5. Extra points: Add a new key to the dictionary called `Type`. In this case, the value of `Type` will be a list of strings. For some Pokemon, the value will be a single-element list, but for others, it will be a list of multiple elements. For example, the value of 'Type' of 'Slowpoke' will be ['Water', 'Psychic'].
6. Extra Points: Using the `urllib.request.urlretrieve` method, save the images of the psychic Pokemon in a folder called `images`. The images will be stored in the attribute 'sprite' in the API, read the docs to see how to get to that key. Use the following code to create a new folder.

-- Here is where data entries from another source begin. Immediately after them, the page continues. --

(* There exist a nondeterministic planning domain $D$, a finite-state policy $f$, and an LTL$_f$ formula $\psi$ such that $(D,f)\models A^{=1}(\psi)$, but there is no policy $g$ with $(D,g)\models A^{\text{sa-fair}}(\psi)$.
   Context: A nondeterministic planning domain is a tuple $D=(St,Act,s_0,Tr)$ with $St=2^{\mathcal{F}}$ a finite set of states (assignments to Boolean fluents $\mathcal{F}$), $Act=2^{\mathcal{A}}$ a finite set of actions, initial state $s_0$, and transition relation $Tr\subseteq St\times Act\times St$; every state has an applicable action ($a$ is applicable in $s$ if some $(s,a,s')\in Tr$). A trace is a finite or infinite sequence $(s_0\cup a_0)(s_1\cup a_1)\cdots$ over $2^{\mathcal{F}\cup\mathcal{A}}$ starting at $s_0$ with $(s_{i-1},a_{i-1},s_i)\in Tr$. A policy is a function $f:St^+\to Act$ with $f(u)$ applicable in the last state of $u$; a trace is an $f$-trace if $f(s_0\cdots s_i)=a_i$ for every prefix; a finite-state policy is one computed by a finite-state input/output automaton. LTL$_f$ is LTL (atoms, $\neg$, $\wedge$, next $X$, until $U$) interpreted over finite sequences over $2^{\mathcal{F}\cup\mathcal{A}}$, where $X\psi$ holds at $j$ only if $j+1$ is a position of the sequence; an infinite trace satisfies an LTL$_f$ formula if some finite prefix does. An infinite trace is state-action fair if for every $(s,a,s')\in Tr$, if $s,a$ occurs infinitely often then $s,a$ immediately followed by $s'$ occurs infinitely often. $(D,f)\models A^{\text{sa-fair}}\psi$ means every infinite state-action fair $f$-trace satisfies $\psi$. $(D,f)\models A^{=1}\psi$ means that, in any stochastic domain whose transition distributions $Pr(s,a)$ have support exactly $Tr(s,a)$, the infinite $f$-traces satisfying $\psi$ have probability $1$ under the Markov chain induced by $D$ and $f$ (this is independent of the choice of such probabilities). *)

From HB Require Import structures.
From mathcomp Require Import all_boot all_order all_algebra.
From mathcomp Require Import Rstruct.

Set Implicit Arguments.
Unset Strict Implicit.
Unset Printing Implicit Defensive.

Import Order.TTheory GRing.Theory Num.Theory.

Record domain := Domain {
  fluent : finType;
  atomact : finType;
  init : {set fluent};
  trans : {set fluent} -> {set atomact} -> {set fluent} -> bool;
  trans_total : forall s, exists a s', trans s a s' }.

Definition state (D : domain) := {set fluent D}.
Definition action (D : domain) := {set atomact D}.

Definition applicable (D : domain) (s : state D) (a : action D) : Prop :=
  exists s', trans s a s'.

(* A policy maps nonempty histories s_0 ... s_i (given as s_0 :: [s_1;...;s_i])
   to actions; its value on the empty sequence is irrelevant. *)
Definition policy (D : domain) := seq (state D) -> action D.

Definition is_policy (D : domain) (f : policy D) : Prop :=
  forall (s : state D) (u : seq (state D)), applicable (last s u) (f (s :: u)).

Definition hist (T : Type) (x : nat -> T) (i : nat) : seq T :=
  [seq x k | k <- iota 0 i.+1].

(* infinite trace (s_0 u a_0)(s_1 u a_1)... given by st and ac *)
Definition is_trace (D : domain) (st : nat -> state D) (ac : nat -> action D) : Prop :=
  st 0 = init D /\ forall i, trans (st i) (ac i) (st i.+1).

Definition is_f_trace (D : domain) (f : policy D)
    (st : nat -> state D) (ac : nat -> action D) : Prop :=
  is_trace st ac /\ forall i, ac i = f (hist st i).

Fixpoint fsm_out (Q I O : Type) (delta : Q -> I -> Q) (out : Q -> I -> O)
    (q : Q) (s : I) (u : seq I) : O :=
  match u with
  | [::] => out q s
  | s' :: u' => fsm_out delta out (delta q s) s' u'
  end.

Definition finite_state (D : domain) (f : policy D) : Prop :=
  exists (Q : finType) (q0 : Q) (delta : Q -> state D -> Q)
         (out : Q -> state D -> action D),
    forall (s : state D) (u : seq (state D)), f (s :: u) = fsm_out delta out q0 s u.

Inductive ltlf (AP : Type) :=
  | LAtom of AP
  | LNot of ltlf AP
  | LAnd of ltlf AP & ltlf AP
  | LNext of ltlf AP
  | LUntil of ltlf AP & ltlf AP.

(* holds L n phi j : the finite sequence of length n with labelling L
   (positions 0..n-1) satisfies phi at position j *)
Fixpoint holds (AP : Type) (L : nat -> AP -> bool) (n : nat) (phi : ltlf AP)
    (j : nat) : bool :=
  match phi with
  | LAtom p => L j p
  | LNot p => ~~ holds L n p j
  | LAnd p q => holds L n p j && holds L n q j
  | LNext p => (j.+1 < n) && holds L n p j.+1
  | LUntil p q =>
      [exists k : 'I_n, (j <= k) && holds L n q k &&
         [forall i : 'I_n, ((j <= i) && (i < k)) ==> holds L n p i]]
  end.
Definition good_endpoint t v := (v == slot_end t) || ~~ terminal v && slot_arc t v.

Lemma terminal_x i : terminal (x i).
Proof. by apply/existsP; exists i; rewrite eqxx. Qed.

Lemma terminal_y i : terminal (y i).
Proof. by apply/existsP; exists i; rewrite eqxx orbT. Qed.

Lemma terminal_slot_end t : terminal (slot_end t).
Proof. by rewrite /slot_end; case: t.2; [apply: terminal_x | apply: terminal_y]. Qed.

Section Endpoints.
Variable s0 : I -> D.
Hypothesis p_s0 : cancel s0 p.

(* The slot ends where terminals are used themselves: each terminal vertex is
   pinned to exactly one of them, in a slot of the form s0 i. *)
Definition primary : {set D * bool} := [set t |
  (t.1 == s0 (p t.1)) && if t.2 then fiber_rep x (p t.1) == p t.1
  else (fiber_rep y (p t.1) == p t.1) && ~~ [exists i, x i == y (p t.1)]].

Lemma primary_inj : {in primary &, injective slot_end}.
Proof.
move=> [d b] [d' b']; rewrite !inE /slot_end /=.
move=> /andP[/eqP dE bd] /andP[/eqP dE' bd'].
case: b b' bd bd' => [] [] /=.
- by move=> /eqP rd /eqP rd' /fiber_rep_eq; rewrite rd rd' => pE; rewrite dE dE' pE.
- by move=> _ /andP[_ /existsPn/(_ (p d))/negP nE] /eqP/nE.
- by move=> /andP[_ /existsPn/(_ (p d'))/negP nE] _ /esym/eqP/nE.
- move=> /andP[/eqP rd _] /andP[/eqP rd' _] /fiber_rep_eq; rewrite rd rd' => pE.
  by rewrite dE dE' pE.
Qed.

Lemma terminal_primary v : terminal v -> exists2 t, t \in primary & v = slot_end t.
Proof.
move=> /existsP[i vi]; case: (boolP [exists j, x j == v]) => [/existsP[j /eqP xj] | nx].
  exists (s0 (fiber_rep x j), true); last by rewrite /slot_end /= p_s0 fiber_repE.
  by rewrite inE /= p_s0 eqxx (fiber_rep_eq (fiber_repE x j)) eqxx.
have vy : v = y i.
  by case/orP: vi => /eqP // vx; move/existsPn: nx => /(_ i); rewrite vx eqxx.
exists (s0 (fiber_rep y i), false); last by rewrite /slot_end /= p_s0 fiber_repE.
by rewrite inE /= p_s0 eqxx (fiber_rep_eq (fiber_repE y i)) eqxx fiber_repE -vy nx.
Qed.

Lemma linked_endpoints : linked T #|D| ->
  exists e : D * bool -> V, [/\ injective e, forall t, good_endpoint t (e t)
                               & forall v, terminal v -> exists t, v = e t].
Proof.
move=> link.
have cardF : #|[set v | terminal v]| + #|~: primary| <= #|{: D * bool}|.
  rewrite -(cardsC primary) leq_add2r; apply: leq_trans (leq_imset_card slot_end primary).
  apply/subset_leq_card/subsetP => v; rewrite inE => /terminal_primary[t tP ->].
  exact: imset_f.
have [t Y _ /subsetP FY|w [w_P w_inj w_ok]] :=
  greedy_distinct_choice (ok := slot_arc) slot_end cardF.
  rewrite card_prod card_bool mulnC => ltY.
  have tY : slot_end t \in Y by apply: FY; rewrite inE terminal_slot_end.
  rewrite /slot_arc; case: t.2.
    exact: linked_out_neighbour tY ltY.
  exact: linked_in_neighbour tY ltY.
have {}w_P t : t \in primary -> w t = slot_end t by move=> tP; apply: w_P; rewrite setCK.
have w_nP t : t \notin primary -> ~~ terminal (w t) && slot_arc t (w t).
  by move=> tP; have := w_ok t; rewrite in_setC tP inE => /(_ isT).
exists w; split.
- move=> t t'; case: (boolP (t \in primary)) => tP; case: (boolP (t' \in primary)) => t'P.
  + by rewrite !w_P // => /primary_inj; apply.
  + by rewrite w_P // => E; move: (w_nP t' t'P); rewrite -E terminal_slot_end.
  + by rewrite (w_P t') // => E; move: (w_nP t tP); rewrite E terminal_slot_end.
  + by apply: w_inj; rewrite inE.
- move=> t; rewrite /good_endpoint; case: (boolP (t \in primary)) => tP.
    by rewrite w_P ?eqxx.
  by rewrite w_nP ?orbT.
- by move=> v /terminal_primary[t tP ->]; exists t; rewrite w_P.
Qed.

End Endpoints.

Section Splice.
Variables (e : D * bool -> V) (R : D -> seq V).
Hypotheses (xy : forall i, x i != y i) (e_inj : injective e)
  (e_good : forall t, good_endpoint t (e t))
  (e_cover : forall v, terminal v -> exists t, v = e t)
  (R_path : forall d, dipath T (e (d, true)) (e (d, false)) (R d))
  (R_disj : forall d d', d != d' -> [disjoint R d & R d']).

Definition rerouted d := splice (x (p d)) (y (p d)) (e (d, true)) (e (d, false)) (R d).

Lemma slot_end_inj d b b' : slot_end (d, b) = slot_end (d, b') -> b = b'.
Proof. by case: b b' => [] [] //= /eqP; rewrite ?(negbTE (xy _)) // eq_sym (negbTE (xy _)). Qed.

Lemma terminal_endpoint t : terminal (e t) -> e t = slot_end t.
Proof. by case/orP: (e_good t) => [/eqP //|/andP[/negP]]. Qed.

Lemma terminal_mem_path d v : v \in R d -> terminal v ->
  exists b, v = e (d, b) /\ v = slot_end (d, b).
Proof.
move=> vR /[dup] /e_cover[[d' b] vE]; rewrite vE => /terminal_endpoint E.
move: vR; rewrite vE => /(disjoint_paths_endpoint R_path R_disj) /= dd'.
by exists b; rewrite dd' -E.
Qed.

Lemma slot_end_notin_path t : e t != slot_end t -> slot_end t \notin R t.1.
Proof.
move: t => [d b] ne; apply/negP.
move=> /terminal_mem_path /(_ (terminal_slot_end _)) [b' [E E']].
by move: E; rewrite -(slot_end_inj E') => E; rewrite -E eqxx in ne.
Qed.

For this challenge, getting the front_sprite is more than enough

In [None]:
import urllib.request
import os
from pathlib import Path
curr_dir = os.getcwd()
Path(f"{curr_dir}/images").mkdir(parents=True, exist_ok=True)

Since navigating through the API is a little more complicated than the previous challenges, I'll guide you through it.

In [None]:
## For example, for retrieving the image of a pokemon, we need to know the name of the pokemon
bulbasaur = requests.get('https://pokeapi.co/api/v2/pokemon/bulbasaur/')
urllib.request.urlretrieve(bulbasaur.json()['sprites']['front_default'], 'images/bulabasaur.png')

Now, try the same with the rest of the Pokemon you extracted previously!